Хотя все гости более или менее сдерживались под нежные прихотливые мелодии феррарских певцов, я видела прячущиеся за юбки сплетённые руки, шепчущие на ушко губы, и мускусный запах, идущий от приготовленных мною трюфелей и лососёвой икры, показался мне сильнее, чем сладкие звуки латинских любовных песен. Монсеньор Сфорца тронул Лукрецию за локоть, чтобы привлечь её внимание к началу новой песни, и я увидела, как у неё перехватило дыхание.

«О Господи», – подумала я.

– А что вы вообще тут делаете? – спросил Леонелло. – Разве вам сейчас не положено, например, чистить котелок? Или фаршировать курицу? Или мучить судомойку?
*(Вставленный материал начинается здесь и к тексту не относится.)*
Definition Jobj xbar L f (c : R -> R) (p : R * R) : \bar R :=
  (expect xbar L f id p.1 - (c p.1 + p.2)%:E)%E.

Definition quota_bonus (q b : R) (x : R) : R := if q <= x then b else 0.

Definition model_assumptions (xbar : \bar R) (L dL c dc ddc : R -> R)
    (f F fa Fa : R -> R -> R) : Prop :=
  (0%:E < xbar)%E /\
  [/\
   [/\ (forall a : R, 0 <= a -> 0 <= L a /\ ((L a)%:E < xbar)%E),
       (forall a b : R, 0 <= a -> a <= b -> L a <= L b),
       (forall a : R, 0 < a -> is_derive a 1 L (dL a)) &
       {in `]0, +oo[, continuous dL}],
   [/\ (forall a : R, 0 <= a -> 0 <= c a),
       (forall a : R, 0 < a -> is_derive a 1 c (dc a) /\ is_derive a 1 dc (ddc a)),
       (h^-1 * (c h - c 0) @[h --> 0^'+] --> dc 0),
       (h^-1 * (dc h - dc 0) @[h --> 0^'+] --> ddc 0) &
       (forall a : R, 0 <= a -> 0 < dc a /\ 0 <= ddc a)],
   (* X(a): continuous r.v. with density f(.|a), cdf F(.|a), support [L(a), xbar] *)
   [/\ (forall a : R, 0 <= a -> measurable_fun setT (fun x => f x a)
                             /\ (forall x : R, 0 <= f x a)),
       (forall a x : R, 0 <= a -> ~ supp xbar L a x -> f x a = 0),
       (forall a x : R, 0 <= a -> supp_o xbar L a x -> 0 < f x a),
       (forall a : R, 0 <= a -> expect xbar L f (fun _ => 1) a = 1%E) &
       (forall a x : R, 0 <= a ->
          (F x a)%:E = (\int[lebesgue_measure]_(t in `]-oo, x]) (f t a)%:E)%E)],
   [/\ (forall a x : R, 0 < a -> supp_o xbar L a x ->
          is_derive a 1 (fun b => f x b) (fa x a) /\
          is_derive a 1 (fun b => F x b) (Fa x a)),
       {in [set p : R * R | 0 < p.2 /\ supp_o xbar L p.2 p.1],
          continuous (fun p : R * R => fa p.1 p.2)},
       {in [set p : R * R | 0 < p.2 /\ supp_o xbar L p.2 p.1],
          continuous (fun p : R * R => Fa p.1 p.2)} &
       (forall a x : R, 0 < a -> supp_o xbar L a x -> Fa x a < 0)] &
   [/\ (forall a : R, 0 <= a -> expect xbar L f id a \is a fin_num),
       {in `[0, +oo[, continuous (fun a => fine (expect xbar L f id a))},
       ((expect xbar L f id a - (c a)%:E)%E @[a --> +oo] --> -oo%E),
       {in `]0, +oo[, continuous (sup_ratio xbar L f fa)} &
       (forall (s : R -> R) (a : R), (forall x, 0 <= x -> 0 <= s x) -> 0 < a ->
          (expect xbar L f s a < +oo)%E ->
          ((\int[lebesgue_measure]_(x in supp xbar L a)
                       ((f x (a + h) - f x a) / h * s x)%:E)%E
            @[h --> 0^'-] --> (\int[lebesgue_measure]_(x in supp xbar L a)
                           (fa x a * s x)%:E)%E))]].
– Дворецкий сказал, что они очень быстро пьют вино, вот я и принесла ещё. – И я подняла графин, который взяла с собой, чтобы иметь предлог подняться по лестнице и взглянуть на гостей ещё разок. – А сейчас извините, я кое-что забыла.

Чтобы быть точнее, я забыла взять укропное масло для кубка графа Пезаро – дело в том, что укропное масло выворачивает кишки наизнанку. А единственное, что сейчас заставит графа оторвать глаза от его молодой жены, это необходимость отлучиться в уборную и довольно длительное пребывание там.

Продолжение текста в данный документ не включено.